=== EXERCISE INSTRUCTIONS ===
Filter these entries, keeping only lines that hold the word "CoprimeDivisors".

Stored data
(* For every integer $n\ge1$: $$\beta(n)^2=\sum_{dk=n}d\,2^{\omega(d)}\lambda(d)\,\sigma_2(k),\qquad \beta(n^2)=\sum_{dk=n}d\,\mu(d)\,\sigma_2(k),\qquad \beta(n)\sigma(n)=\sum_{d^2k=n}d^2\,2^{\omega(d)}\beta_2(k),$$ where the sums run over pairs of positive integers $(d,k)$ with the indicated product equal to $n$.
   Context: $\lambda$ is the Liouville function, $\mu$ the Möbius function, $\omega(n)$ the number of distinct prime factors of $n$. $\beta(n)=\sum_{d\mid n}d\,\lambda(n/d)$, $\beta_2(n)=\sum_{d\mid n}d^2\lambda(n/d)$, $\sigma(n)=\sum_{d\mid n}d$, $\sigma_2(n)=\sum_{d\mid n}d^2$. *)

From HB Require Import structures.
From mathcomp Require Import all_boot all_order all_algebra.
Set Implicit Arguments. Unset Strict Implicit. Unset Printing Implicit Defensive.
Import Order.TTheory GRing.Theory Num.Theory.
Local Open Scope ring_scope.

Definition bigOmega (n : nat) : nat := (\sum_(p <- primes n) logn p n)%N.
Definition omega (n : nat) : nat := size (primes n).
Definition liouville (n : nat) : int := (-1) ^+ bigOmega n.
Definition moebius (n : nat) : int :=
  if [forall p : 'I_n.+1, prime p ==> ~~ (p * p %| n)%N]
  then (-1) ^+ omega n else 0.
Definition beta (n : nat) : int :=
  \sum_(d <- divisors n) (d%:Z * liouville (n %/ d)%N).
Definition beta2 (n : nat) : int :=
  \sum_(d <- divisors n) ((d ^ 2)%N%:Z * liouville (n %/ d)%N).
Definition sigma (n : nat) : int := \sum_(d <- divisors n) d%:Z.
Definition sigma2 (n : nat) : int := \sum_(d <- divisors n) (d ^ 2)%N%:Z.

From HB Require Import structures.
From mathcomp Require Import all_boot all_order all_algebra.
From mathcomp Require Import ring zify.
Set Implicit Arguments. Unset Strict Implicit. Unset Printing Implicit Defensive.
Import Order.TTheory GRing.Theory Num.Theory.
Local Open Scope ring_scope.

(* Every side of the three identities is a multiplicative arithmetic function
   of n: beta, beta_2, sigma, sigma_2, lambda, mu, d |-> d and d |-> 2 ^ omega d
   are multiplicative, and so are pointwise products, n |-> f (n ^ 2), Dirichlet
   convolutions and, more generally, divisor sums sum_(d | n) K d n whose kernel
   splits along coprime factorisations.  Two multiplicative functions that agree
   at all prime powers agree everywhere, so each identity reduces to n = p ^ k.
   There, with x = p, beta (p ^ k) = altgeom x k = sum_(i <= k) x ^ i (-1) ^ (k - i),
   sigma (p ^ k) = geom x k = sum_(i <= k) x ^ i, and beta_2, sigma_2 are the same
   polynomials at x ^ 2; each identity becomes a polynomial identity, proved over
   an arbitrary commutative ring by induction on k from the closed forms
   (1 + x) altgeom x k = x ^ (k + 1) + (-1) ^ k and (x - 1) geom x k = x ^ (k + 1) - 1. *)

Lemma gcdn_coprime_mul m n a b :
  coprime m n -> (a %| m)%N -> (b %| n)%N -> gcdn (a * b) m = a.
Proof.
move=> co_mn a_m b_n; rewrite gcdnC Gauss_gcdl; first exact/gcdn_idPr.
exact: coprime_dvdr b_n co_mn.
Qed.

Section CoprimeDivisors.
Variables (m n : nat).
Hypothesis co_mn : coprime m n.

Lemma coprime_dvdn_split d : (d %| m * n)%N -> d = (gcdn d m * gcdn d n)%N.
Proof.
move=> d_mn; apply/eqP; rewrite eqn_dvd; apply/andP; split; last first.
  rewrite Gauss_dvd ?dvdn_gcdl //.
  exact: coprime_dvdl (dvdn_gcdr _ _) (coprime_dvdr (dvdn_gcdr _ _) co_mn).
have /gcdn_idPl d_eq := d_mn.
rewrite -{1}d_eq muln_gcdr !muln_gcdl !dvdn_gcd.
have g_d := dvdn_gcdl d (m * n).
by rewrite dvdn_gcdr (dvdn_mulr _ g_d) (dvdn_mull _ g_d) (dvdn_mulr _ g_d).
Qed.

Hypotheses (m_gt0 : (0 < m)%N) (n_gt0 : (0 < n)%N).

Lemma divisors_coprimeM :
  perm_eq (divisors (m * n)) [seq (a * b)%N | a <- divisors m, b <- divisors n].
Proof.
have gcdn_mulr a b : (a %| m)%N -> (b %| n)%N -> gcdn (a * b) n = b.
  by move=> a_m b_n; rewrite mulnC (@gcdn_coprime_mul n m b a _ b_n a_m) // coprime_sym.
apply: uniq_perm; first exact: divisors_uniq.
  apply: allpairs_uniq; rewrite ?divisors_uniq //.
  move=> [a b] [a' b'] /allpairsP[[a1 b1] [/= a1_m b1_n [-> ->]]].
  move=> /allpairsP[[a2 b2] [/= a2_m b2_n [-> ->]]] /= eq_ab.
  rewrite -!dvdn_divisors // in a1_m b1_n a2_m b2_n.
  have := gcdn_coprime_mul co_mn a1_m b1_n; have := gcdn_mulr _ _ a1_m b1_n.
  by rewrite eq_ab (gcdn_coprime_mul co_mn a2_m b2_n) gcdn_mulr // => -> ->.
move=> d; rewrite -dvdn_divisors ?muln_gt0 ?m_gt0 //; apply/idP/allpairsP.
  move=> d_mn; exists (gcdn d m, gcdn d n).
  by rewrite /= -!dvdn_divisors // !dvdn_gcdr -coprime_dvdn_split.
by move=> [[a b] /= [a_m b_n ->]]; rewrite dvdn_mul // dvdn_divisors.
Qed.

Lemma sum_divisors_coprimeM (R : nmodType) (F : nat -> R) :
  \sum_(d <- divisors (m * n)) F d =
  \sum_(a <- divisors m) \sum_(b <- divisors n) F (a * b)%N.
Proof. by rewrite (perm_big _ divisors_coprimeM) big_allpairs_dep. Qed.

End CoprimeDivisors.

Lemma divn_dvd_gt0 k d : (0 < k)%N -> (d %| k)%N -> (0 < k %/ d)%N.
Proof. by move=> k_gt0 d_k; rewrite divn_gt0 ?(dvdn_gt0 k_gt0 d_k) // dvdn_leq. Qed.

Lemma divn_mulM m n a b : (a %| m)%N -> (b %| n)%N ->
  ((m * n) %/ (a * b) = (m %/ a) * (n %/ b))%N.
Proof.
move=> a_m b_n; have [->|a_gt0] := posnP a; first by rewrite mul0n !divn0.
have [->|b_gt0] := posnP b; first by rewrite muln0 !divn0 muln0.
by rewrite -{1}(divnK a_m) -{1}(divnK b_n) mulnACA mulnK // muln_gt0 a_gt0.
Qed.

Section Multiplicative.
Variable R : comPzRingType.

Definition arith_multiplicative (f : nat -> R) : Prop :=
  f 1%N = 1 /\ forall m n, (0 < m)%N -> (0 < n)%N -> coprime m n ->
    f (m * n)%N = f m * f n.

Lemma arith_multiplicative_ext (f g : nat -> R) :
  f =1 g -> arith_multiplicative f -> arith_multiplicative g.
Proof. by move=> fg [f1 fM]; split=> [|m n *]; rewrite -!fg ?fM. Qed.

Lemma arith_multiplicativeM (f g : nat -> R) :
  arith_multiplicative f -> arith_multiplicative g ->
  arith_multiplicative (fun n => f n * g n).
Proof.
move=> [f1 fM] [g1 gM]; split=> [|m n m_gt0 n_gt0 co_mn]; first by rewrite f1 g1 mulr1.
by rewrite fM ?gM // mulrACA.
Qed.

Lemma arith_multiplicativeX (f : nat -> R) k :
  arith_multiplicative f -> arith_multiplicative (fun n => f n ^+ k).
Proof. by move=> [f1 fM]; split=> [|m n *]; rewrite ?f1 ?expr1n ?fM ?exprMn. Qed.

Lemma arith_multiplicative_sq (f : nat -> R) :
  arith_multiplicative f -> arith_multiplicative (fun n => f (n * n)%N).
Proof.
move=> [f1 fM]; split=> // m n m_gt0 n_gt0 co_mn.
by rewrite mulnACA fM ?muln_gt0 ?m_gt0 ?n_gt0 // coprimeMl !coprimeMr co_mn.
Qed.

Lemma divisor_sum_multiplicative (K : nat -> nat -> R) :
  K 1%N 1%N = 1 ->
  (forall m n a b, (0 < m)%N -> (0 < n)%N -> coprime m n ->
     (a %| m)%N -> (b %| n)%N -> K (a * b)%N (m * n)%N = K a m * K b n) ->
  arith_multiplicative (fun n => \sum_(d <- divisors n) K d n).
Proof.
move=> K1 KM; split=> [|m n m_gt0 n_gt0 co_mn]; first by rewrite big_seq1.
rewrite sum_divisors_coprimeM // big_distrl; apply: eq_big_seq => a.
rewrite -dvdn_divisors // => a_m; rewrite big_distrr; apply: eq_big_seq => b.
by rewrite -dvdn_divisors // => b_n; apply: KM.
Qed.

Definition dconv (f g : nat -> R) (n : nat) : R :=
  \sum_(d <- divisors n) f d * g (n %/ d)%N.

Lemma dconv_multiplicative (f g : nat -> R) :
  arith_multiplicative f -> arith_multiplicative g -> arith_multiplicative (dconv f g).
Proof.
move=> [f1 fM] [g1 gM]; apply: divisor_sum_multiplicative; first by rewrite f1 g1 mulr1.
move=> m n a b m_gt0 n_gt0 co_mn a_m b_n.
have [a_gt0 b_gt0] := (dvdn_gt0 m_gt0 a_m, dvdn_gt0 n_gt0 b_n).
rewrite divn_mulM // fM ?gM ?(divn_dvd_gt0 m_gt0) ?(divn_dvd_gt0 n_gt0) //; first exact: mulrACA.
- exact: coprime_dvdl (dvdn_div a_m) (coprime_dvdr (dvdn_div b_n) co_mn).
- exact: coprime_dvdl a_m (coprime_dvdr b_n co_mn).
Qed.

Lemma arith_multiplicative_eq (f g : nat -> R) :
  arith_multiplicative f -> arith_multiplicative g ->
  (forall p k, prime p -> (0 < k)%N -> f (p ^ k)%N = g (p ^ k)%N) ->
  forall n, (0 < n)%N -> f n = g n.
Proof.
move=> [f1 fM] [g1 gM] fg_pk; elim/ltn_ind=> n IHn n_gt0.
have [n_le1|n_gt1] := leqP n 1.
  have -> : n = 1%N by lia.
  by rewrite f1 g1.
pose p := pdiv n; have p_pr : prime p := pdiv_prime n_gt1.
have lognp_gt0 : (0 < logn p n)%N by rewrite logn_gt0 mem_primes p_pr n_gt0 pdiv_dvd.
have n_split := partnC p n_gt0.
rewrite -n_split fM ?gM ?part_gt0 ?coprime_partC // p_part fg_pk //.
congr (_ * _); apply: IHn; last exact: part_gt0.
rewrite -{2}n_split ltn_Pmull ?part_gt0 // p_part.
by rewrite -(expn0 p) ltn_exp2l ?prime_gt1.
Qed.

End Multiplicative.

=== ANSWER TO THIS PROBLEM ===
Section CoprimeDivisors.
End CoprimeDivisors.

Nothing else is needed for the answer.